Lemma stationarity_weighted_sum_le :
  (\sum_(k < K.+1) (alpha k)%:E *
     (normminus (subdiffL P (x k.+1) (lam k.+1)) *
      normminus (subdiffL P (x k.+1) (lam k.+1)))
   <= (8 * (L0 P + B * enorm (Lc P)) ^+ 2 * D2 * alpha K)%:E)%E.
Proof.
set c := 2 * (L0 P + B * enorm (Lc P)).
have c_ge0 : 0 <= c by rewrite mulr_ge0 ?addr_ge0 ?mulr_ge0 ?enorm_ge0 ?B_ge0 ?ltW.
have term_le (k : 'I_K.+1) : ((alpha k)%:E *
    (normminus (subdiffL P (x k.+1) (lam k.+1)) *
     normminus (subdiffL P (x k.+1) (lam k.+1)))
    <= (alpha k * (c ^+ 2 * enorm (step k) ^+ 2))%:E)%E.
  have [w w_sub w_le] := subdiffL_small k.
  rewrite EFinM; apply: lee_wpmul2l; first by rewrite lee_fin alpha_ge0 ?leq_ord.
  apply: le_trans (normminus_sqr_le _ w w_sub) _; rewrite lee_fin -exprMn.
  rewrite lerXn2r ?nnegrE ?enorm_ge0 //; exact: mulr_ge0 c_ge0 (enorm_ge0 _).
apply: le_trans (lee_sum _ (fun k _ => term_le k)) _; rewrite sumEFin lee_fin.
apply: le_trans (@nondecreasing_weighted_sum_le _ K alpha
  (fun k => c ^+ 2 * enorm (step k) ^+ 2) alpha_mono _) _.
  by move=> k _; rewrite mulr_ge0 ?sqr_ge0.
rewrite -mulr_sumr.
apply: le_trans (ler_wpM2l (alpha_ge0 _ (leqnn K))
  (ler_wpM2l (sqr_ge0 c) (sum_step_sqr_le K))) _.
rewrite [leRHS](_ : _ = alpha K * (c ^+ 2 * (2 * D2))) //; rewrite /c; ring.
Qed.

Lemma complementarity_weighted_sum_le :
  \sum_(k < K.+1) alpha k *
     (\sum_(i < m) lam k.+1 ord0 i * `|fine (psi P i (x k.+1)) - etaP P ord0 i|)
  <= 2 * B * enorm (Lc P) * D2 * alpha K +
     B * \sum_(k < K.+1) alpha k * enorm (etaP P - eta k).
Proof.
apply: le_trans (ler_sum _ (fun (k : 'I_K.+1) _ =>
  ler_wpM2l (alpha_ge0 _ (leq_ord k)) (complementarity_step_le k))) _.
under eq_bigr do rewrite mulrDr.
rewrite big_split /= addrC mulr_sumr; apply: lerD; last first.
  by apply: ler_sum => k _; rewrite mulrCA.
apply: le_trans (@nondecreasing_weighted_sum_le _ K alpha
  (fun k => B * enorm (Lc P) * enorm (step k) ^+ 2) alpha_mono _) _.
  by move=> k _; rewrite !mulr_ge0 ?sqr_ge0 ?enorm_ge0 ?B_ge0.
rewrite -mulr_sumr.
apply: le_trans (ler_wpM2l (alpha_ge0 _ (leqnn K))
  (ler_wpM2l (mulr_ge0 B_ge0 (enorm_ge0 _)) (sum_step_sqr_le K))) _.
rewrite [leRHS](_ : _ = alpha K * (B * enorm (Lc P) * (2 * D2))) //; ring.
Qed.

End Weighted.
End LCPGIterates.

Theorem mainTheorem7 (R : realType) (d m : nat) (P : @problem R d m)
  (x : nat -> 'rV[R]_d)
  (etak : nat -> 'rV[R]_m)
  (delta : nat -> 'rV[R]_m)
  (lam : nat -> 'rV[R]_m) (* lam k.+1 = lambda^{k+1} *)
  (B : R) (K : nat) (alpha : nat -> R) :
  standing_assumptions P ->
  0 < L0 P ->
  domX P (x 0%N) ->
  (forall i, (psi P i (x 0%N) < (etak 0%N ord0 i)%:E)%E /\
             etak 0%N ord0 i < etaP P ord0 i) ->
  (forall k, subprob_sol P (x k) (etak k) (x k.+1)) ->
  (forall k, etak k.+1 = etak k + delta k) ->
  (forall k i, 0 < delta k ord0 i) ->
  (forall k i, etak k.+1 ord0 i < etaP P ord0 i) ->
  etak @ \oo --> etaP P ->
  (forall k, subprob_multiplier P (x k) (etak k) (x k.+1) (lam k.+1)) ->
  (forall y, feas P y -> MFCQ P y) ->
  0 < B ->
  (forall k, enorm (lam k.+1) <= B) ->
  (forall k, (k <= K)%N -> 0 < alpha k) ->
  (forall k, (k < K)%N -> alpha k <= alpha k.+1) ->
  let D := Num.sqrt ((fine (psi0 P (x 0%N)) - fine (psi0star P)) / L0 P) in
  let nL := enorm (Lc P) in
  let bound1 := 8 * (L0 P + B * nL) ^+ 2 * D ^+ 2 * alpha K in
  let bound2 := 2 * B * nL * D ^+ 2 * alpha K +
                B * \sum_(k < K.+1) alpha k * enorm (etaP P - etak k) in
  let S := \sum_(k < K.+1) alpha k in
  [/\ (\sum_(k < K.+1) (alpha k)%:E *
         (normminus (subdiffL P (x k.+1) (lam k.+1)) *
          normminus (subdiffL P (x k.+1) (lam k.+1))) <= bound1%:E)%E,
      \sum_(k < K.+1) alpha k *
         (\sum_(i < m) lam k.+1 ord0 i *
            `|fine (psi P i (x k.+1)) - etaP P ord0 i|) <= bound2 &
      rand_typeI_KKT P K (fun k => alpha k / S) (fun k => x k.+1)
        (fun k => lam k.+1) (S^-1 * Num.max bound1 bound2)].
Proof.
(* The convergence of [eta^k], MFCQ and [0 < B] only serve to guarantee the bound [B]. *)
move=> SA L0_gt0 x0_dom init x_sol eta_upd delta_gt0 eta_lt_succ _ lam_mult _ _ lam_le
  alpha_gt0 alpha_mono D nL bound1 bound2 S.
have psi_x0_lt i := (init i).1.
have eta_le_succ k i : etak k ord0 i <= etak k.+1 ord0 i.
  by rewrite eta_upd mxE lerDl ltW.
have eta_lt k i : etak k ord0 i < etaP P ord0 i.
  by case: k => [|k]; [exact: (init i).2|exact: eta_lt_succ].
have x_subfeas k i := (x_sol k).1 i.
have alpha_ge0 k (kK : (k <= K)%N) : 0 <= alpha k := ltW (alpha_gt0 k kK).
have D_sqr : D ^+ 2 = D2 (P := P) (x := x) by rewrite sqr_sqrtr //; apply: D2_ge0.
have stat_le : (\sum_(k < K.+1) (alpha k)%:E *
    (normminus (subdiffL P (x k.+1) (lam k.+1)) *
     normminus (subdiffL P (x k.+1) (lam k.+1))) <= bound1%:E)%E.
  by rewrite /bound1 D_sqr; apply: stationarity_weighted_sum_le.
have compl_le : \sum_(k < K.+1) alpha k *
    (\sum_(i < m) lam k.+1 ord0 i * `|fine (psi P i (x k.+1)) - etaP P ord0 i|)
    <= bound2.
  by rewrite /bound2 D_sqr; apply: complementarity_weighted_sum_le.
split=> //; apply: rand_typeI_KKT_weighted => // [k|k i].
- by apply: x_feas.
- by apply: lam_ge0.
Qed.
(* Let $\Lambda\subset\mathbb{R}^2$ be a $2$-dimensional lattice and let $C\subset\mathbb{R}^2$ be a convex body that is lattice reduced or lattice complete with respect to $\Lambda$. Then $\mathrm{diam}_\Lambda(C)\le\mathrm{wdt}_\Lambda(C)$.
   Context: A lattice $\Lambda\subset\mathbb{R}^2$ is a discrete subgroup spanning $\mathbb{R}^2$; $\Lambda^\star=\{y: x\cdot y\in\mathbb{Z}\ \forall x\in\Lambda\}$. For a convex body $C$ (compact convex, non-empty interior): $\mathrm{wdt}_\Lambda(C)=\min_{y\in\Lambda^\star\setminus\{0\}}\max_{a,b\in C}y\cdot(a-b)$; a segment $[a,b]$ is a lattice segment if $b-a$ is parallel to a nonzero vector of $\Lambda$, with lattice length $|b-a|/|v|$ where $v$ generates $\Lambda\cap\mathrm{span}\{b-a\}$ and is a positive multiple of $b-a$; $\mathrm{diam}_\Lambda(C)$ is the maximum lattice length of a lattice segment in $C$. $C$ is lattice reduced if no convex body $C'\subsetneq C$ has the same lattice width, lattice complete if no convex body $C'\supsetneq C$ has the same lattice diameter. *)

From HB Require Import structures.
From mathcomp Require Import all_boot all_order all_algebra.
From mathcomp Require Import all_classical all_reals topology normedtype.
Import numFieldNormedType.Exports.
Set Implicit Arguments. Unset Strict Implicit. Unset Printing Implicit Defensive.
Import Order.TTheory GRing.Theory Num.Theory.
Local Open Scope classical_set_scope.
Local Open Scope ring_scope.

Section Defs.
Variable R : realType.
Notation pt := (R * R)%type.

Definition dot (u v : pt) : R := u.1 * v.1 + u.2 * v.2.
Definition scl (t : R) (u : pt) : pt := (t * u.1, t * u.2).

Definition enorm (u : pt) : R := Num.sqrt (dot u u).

What is expected: The answer must consist of every line from the entries above that contains the string "realType".

Response below:
Theorem mainTheorem7 (R : realType) (d m : nat) (P : @problem R d m)
Variable R : realType.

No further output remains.